Since E7018 is F-4, a welder who tests with 7018 is qualified for all carbon steel SMAW electrodes. That’s why most shops test with 7018.

Section IX vs. AWS D1.1: Key Differences

Welders often work under both codes at different points in their career. Here’s where they diverge:

FeatureASME Section IXAWS D1.1
ScopePressure equipment (vessels, piping)Structural steel
Prequalified WPSsNo. Every WPS needs a PQRYes, Clause 3 provides prequalified joints
Acceptance criteriaIn the referencing code (VIII, B31.3)In D1.1 itself (Clause 8)
Base metal groupingP-numbersSteel groups in Table 3.1
Welder qualification on P-numberNot an essential variableBase metal type matters
Qualification expiration6-month continuity, no fixed expiration6-month continuity
Standard Employer AcceptanceEmployer-specific qualifications (not transferable without employer acceptance)Transferable with documentation

One critical difference: ASME Section IX qualifications are generally employer-specific. When you change employers, the new employer must accept your existing qualifications or requalify you. This contrasts with D1.1, which allows qualification transfer between companies more readily.

Practical Tips for Working Under Section IX

Keep your continuity log current.
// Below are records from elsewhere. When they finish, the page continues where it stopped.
Theorem mainTheorem7 (d : Order.disp_t) (T : orderType d) (n m : nat)
  (A : 'I_n -> T) (B : 'I_m -> T) :
  is_LCBS A B (bestLen A B).
Proof.
have bestLen_ub s : bitonic_common_subseq A B s -> (size s <= bestLen A B)%N.
  case/bitonic_common_subseq_size_le => p V_p le_s; rewrite bestLen_bigmax.
  exact: leq_trans le_s (leq_bigmax_seq _ V_p _).
split => //; have [V_nil | V_cons] := eqVneq (V A B) [::].
  left; split; first by rewrite bestLen_bigmax V_nil big_nil.
  by move=> s /bitonic_common_subseq_size_le [p]; rewrite V_nil.
right; rewrite bestLen_bigmax.
have [v V_v ->] := bigmax_mem_seq (fun v => inc_value A B v + dec_value A B v - 1) V_cons.
exact: bitonic_common_subseq_through.
Qed.
(* Let $S$ be a finite symmetric generating set of $H(\mathbb{Z})$ and $d_{CC}$ the CC metric on $H(\mathbb{R})$ induced by $\|\cdot\|_L$, where $Q$ is the convex hull of $\pi(S)$ and $L=\partial Q$. There is a constant $C$ such that for every $\epsilon>0$ there is $n_0$ with the following property: for every ${\sf x}\in H(\mathbb{Z})$ with $n=|{\sf x}|_S\ge n_0$, every discrete geodesic from ${\sf 0}$ to ${\sf x}$ is $\epsilon$-linearly tracked by an admissible path whose length $\ell$ satisfies $|\ell-n|\le C\sqrt n$.
   Context: Exponential coordinates on $H(\mathbb{R})$: $(x,y,z)(x',y',z')=(x+x',y+y',z+z'+\tfrac12(xy'-yx'))$, ${\sf 0}=(0,0,0)$; $H(\mathbb{Z})=\{(x,y,z):x,y\in\mathbb{Z},z\in\mathbb{Z}+\epsilon(x,y)\}$ with $\epsilon=1/2$ if $x,y$ both odd, else $0$; $\pi(x,y,z)=(x,y)$. $|\cdot|_S$ is word length. An admissible path satisfies $\gamma_3'=\tfrac12(\gamma_1\gamma_2'-\gamma_2\gamma_1')$; its length is the $\|\cdot\|_L$-length of its projection by $\pi$, where $\|\cdot\|_L$ is the norm with unit ball $Q$; $d_{CC}$ is the induced path metric. A discrete geodesic from ${\sf 0}$ to ${\sf x}$ is the sequence ${\sf x}_0={\sf 0}$, ${\sf x}_i={\sf a}_1\cdots{\sf a}_i$ ($i\le n$) for a minimal-length spelling ${\sf x}={\sf a}_1\cdots{\sf a}_n$ with ${\sf a}_i\in S$. It is $\epsilon$-linearly tracked by an admissible path $\alpha$ if $\alpha$ has the same endpoints and every ${\sf x}_i$ lies within $d_{CC}$-distance $\epsilon n$ of $\alpha$. *)

From Stdlib Require Import Reals Lra List ZArith ClassicalEpsilon.
Open Scope R_scope.

(** * Heisenberg group H(R) in exponential coordinates *)
Record H3 := mkH { hx : R; hy : R; hz : R }.

Definition hmul (p q : H3) : H3 :=
  mkH (hx p + hx q) (hy p + hy q)
      (hz p + hz q + / 2 * (hx p * hy q - hy p * hx q)).

Definition horigin : H3 := mkH 0 0 0.

Definition hinv (p : H3) : H3 := mkH (- hx p) (- hy p) (- hz p).

Definition inHZ (p : H3) : Prop :=
  exists a b c : Z, hx p = IZR a /\ hy p = IZR b /\
    hz p = IZR c + (if andb (Z.odd a) (Z.odd b) then / 2 else 0).

Definition wprod (w : list H3) : H3 := fold_right hmul horigin w.

Definition spells (Sg : list H3) (x : H3) (w : list H3) : Prop :=
  (forall s, In s w -> In s Sg) /\ wprod w = x.

Definition generates (Sg : list H3) : Prop :=
  forall x, inHZ x -> exists w, spells Sg x w.

Definition word_length (Sg : list H3) (x : H3) (n : nat) : Prop :=
  (exists w, spells Sg x w /\ length w = n) /\
  (forall w, spells Sg x w -> (n <= length w)%nat).
Lemma isomorphism_onto_SIC (C : numClosedFieldType) (d : nat) (Q : vec C d -> Prop)
    (g : mat C d -> vec C d) :
  (0 < d)%N -> qplex Q -> (forall rho, density rho -> Q (g rho)) ->
  isomorphism_onto g Q <->
  exists Pi : 'I_(d ^ 2) -> mat C d, SIC Pi /\
    forall rho, density rho -> forall j, g rho 0 j = d%:R^-1 * \tr (rho *m Pi j).
Proof.
move=> d_gt0 qQ gQ; split=> [[f [f_lin [fg [QE f_ip]]]] | [Pi [sicPi gE]]].
  have f_simplex rho : density rho -> inDelta (f rho).
    by move=> drho; apply: (qQ.1 _ _).1; apply/QE; exists rho.
  have [Pi [sicPi fE]] := RlinBij_SIC d_gt0 f_lin f_ip f_simplex.
  by exists Pi; split=> // rho drho j; rewrite -fg // fE.
exact: (sic_map_isomorphism d_gt0 sicPi qQ gQ gE).
Qed.

Theorem mainTheorem17 (C : numClosedFieldType) (d : nat) (hd : (2 <= d)%N) :
  (forall (Q : vec C d -> Prop) (g : mat C d -> vec C d),
     qplex Q ->
     (forall rho, density rho -> Q (g rho)) ->
     (isomorphism_onto g Q <->
      exists Pi : 'I_(d ^ 2) -> mat C d,
        SIC Pi /\
        forall rho, density rho ->
          forall j, g rho 0 j = (d%:R)^-1 * \tr (rho *m Pi j)))
  /\
  ((exists Pi : 'I_(d ^ 2) -> mat C d, SIC Pi) <->
   (exists Q : vec C d -> Prop, hilbert_qplex Q)).
Proof.
have d_gt0 : (0 < d)%N by apply: leq_trans hd.
split=> [Q g|]; first exact: isomorphism_onto_SIC.
split=> [[Pi sicPi] | [Q [qQ [g iso]]]].
  exists (sic_states Pi); split; first exact: sic_states_qplex.
  by exists (sic_map Pi); apply: sic_map_isomorphism_onto.
have gQ rho : density rho -> Q (g rho).
  by case: iso => f [_ [fg [QE _]]] drho; rewrite -fg //; apply/QE; exists rho.
by have [Pi [sicPi _]] := (isomorphism_onto_SIC d_gt0 qQ gQ).1 iso; exists Pi.
Qed.
Lemma sqrtm3_Fq_exists : exists2 s : K, conjq s = s & s ^+ 2 = - 3%:R.
Proof.
have [z prim_z] := finField_prim_root K.
have three_dvd_n : (3 %| #|K|.-1)%N by rewrite cardK; lia.
have prim_w := dvdn_prim_root prim_z three_dvd_n; set w := z ^+ _ in prim_w.
have w3 : w ^+ 3 = 1 := prim_expr_order prim_w.
have w_neq1 : w != 1 by rewrite -[w]expr1 -(prim_order_dvd prim_w).
have w2 : w ^+ 2 + w + 1 = 0.
  have : (w - 1) * (w ^+ 2 + w + 1) = w ^+ 3 - 1 by ring.
  by rewrite w3 subrr => /eqP; rewrite mulf_eq0 subr_eq0 (negbTE w_neq1) => /eqP.
exists (2%:R * w + 1); first by rewrite rmorphD rmorphM rmorph_nat rmorph1 /= cube_root1_conjq.
have -> : (2%:R * w + 1) ^+ 2 = 4%:R * (w ^+ 2 + w + 1) - 3%:R :> K by ring.
by rewrite w2 mulr0 sub0r.
Qed.

Lemma sqrtm3_neq0 (s : K) : s ^+ 2 = - 3%:R -> s != 0.
Proof.
move=> s2; apply: contra_neq three_neq0 => s0.
by apply/eqP; rewrite -oppr_eq0 -s2 s0 expr0n.
Qed.

Lemma Fq_sqrt_exists x : conjq x = x -> exists e, e ^+ 2 = x.
Proof.
move=> cx; have [->|x_neq0] := eqVneq x 0; first by exists 0; rewrite expr0n.
have x_q1 : x ^+ q.-1 = 1.
  by apply: (mulfI x_neq0); rewrite -exprS prednK ?mulr1 // ltnW ?q_gt1.
have n_eq : (#|K|.-1 = q.+1 * q.-1)%N by rewrite cardK; have := q_gt1; nia.
have [z prim_z] := finField_prim_root K.
have xn : x ^+ #|K|.-1 = 1 by rewrite n_eq mulnC exprM x_q1 expr1n.
have [[i _] /= xi] := prim_rootP prim_z xn.
have : (#|K|.-1 %| i * q.-1)%N by rewrite (prim_order_dvd prim_z) exprM -xi x_q1.
rewrite n_eq dvdn_pmul2r => [qS_dvd_i|]; last by have := q_gt1; lia.
have two_dvd_i : (2 %| i)%N by apply: dvdn_trans qS_dvd_i; lia.
by exists (z ^+ (i %/ 2)); rewrite -exprM divnK.
Qed.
Every 6 months, make sure there’s documentation that you’ve welded using each qualified process. A dated production weld report or supervisor sign-off works. If you let it lapse, you’ll need to retest.

Know which code actually governs acceptance. Section IX qualifies you and your procedure. But the acceptance criteria for production welds come from the referencing code. Section VIII Division 1 has its own radiography acceptance standards. B31.3 has different rules for severe cyclic service. Don’t mix them up.

Understand the thickness range your PQR covers. A test coupon welded on 3/4 inch material doesn’t automatically qualify all thicknesses. QW-451 tables define the range, and it varies by test type. Knowing your qualified thickness range prevents scope creep that could void your qualification.

Document everything. In a Section IX environment, if it’s not documented, it didn’t happen. PQRs, WPSs, welder qualification records, continuity logs, and heat treatment records all need to be maintained and available for review.

ASME Section IX gets updated with each new edition (currently on a biennial cycle). Addenda and code cases can modify requirements between editions. Always verify you’re working from the edition your contract specifies, and check with your QA department when questions come up. The code is thorough, but it rewards careful reading.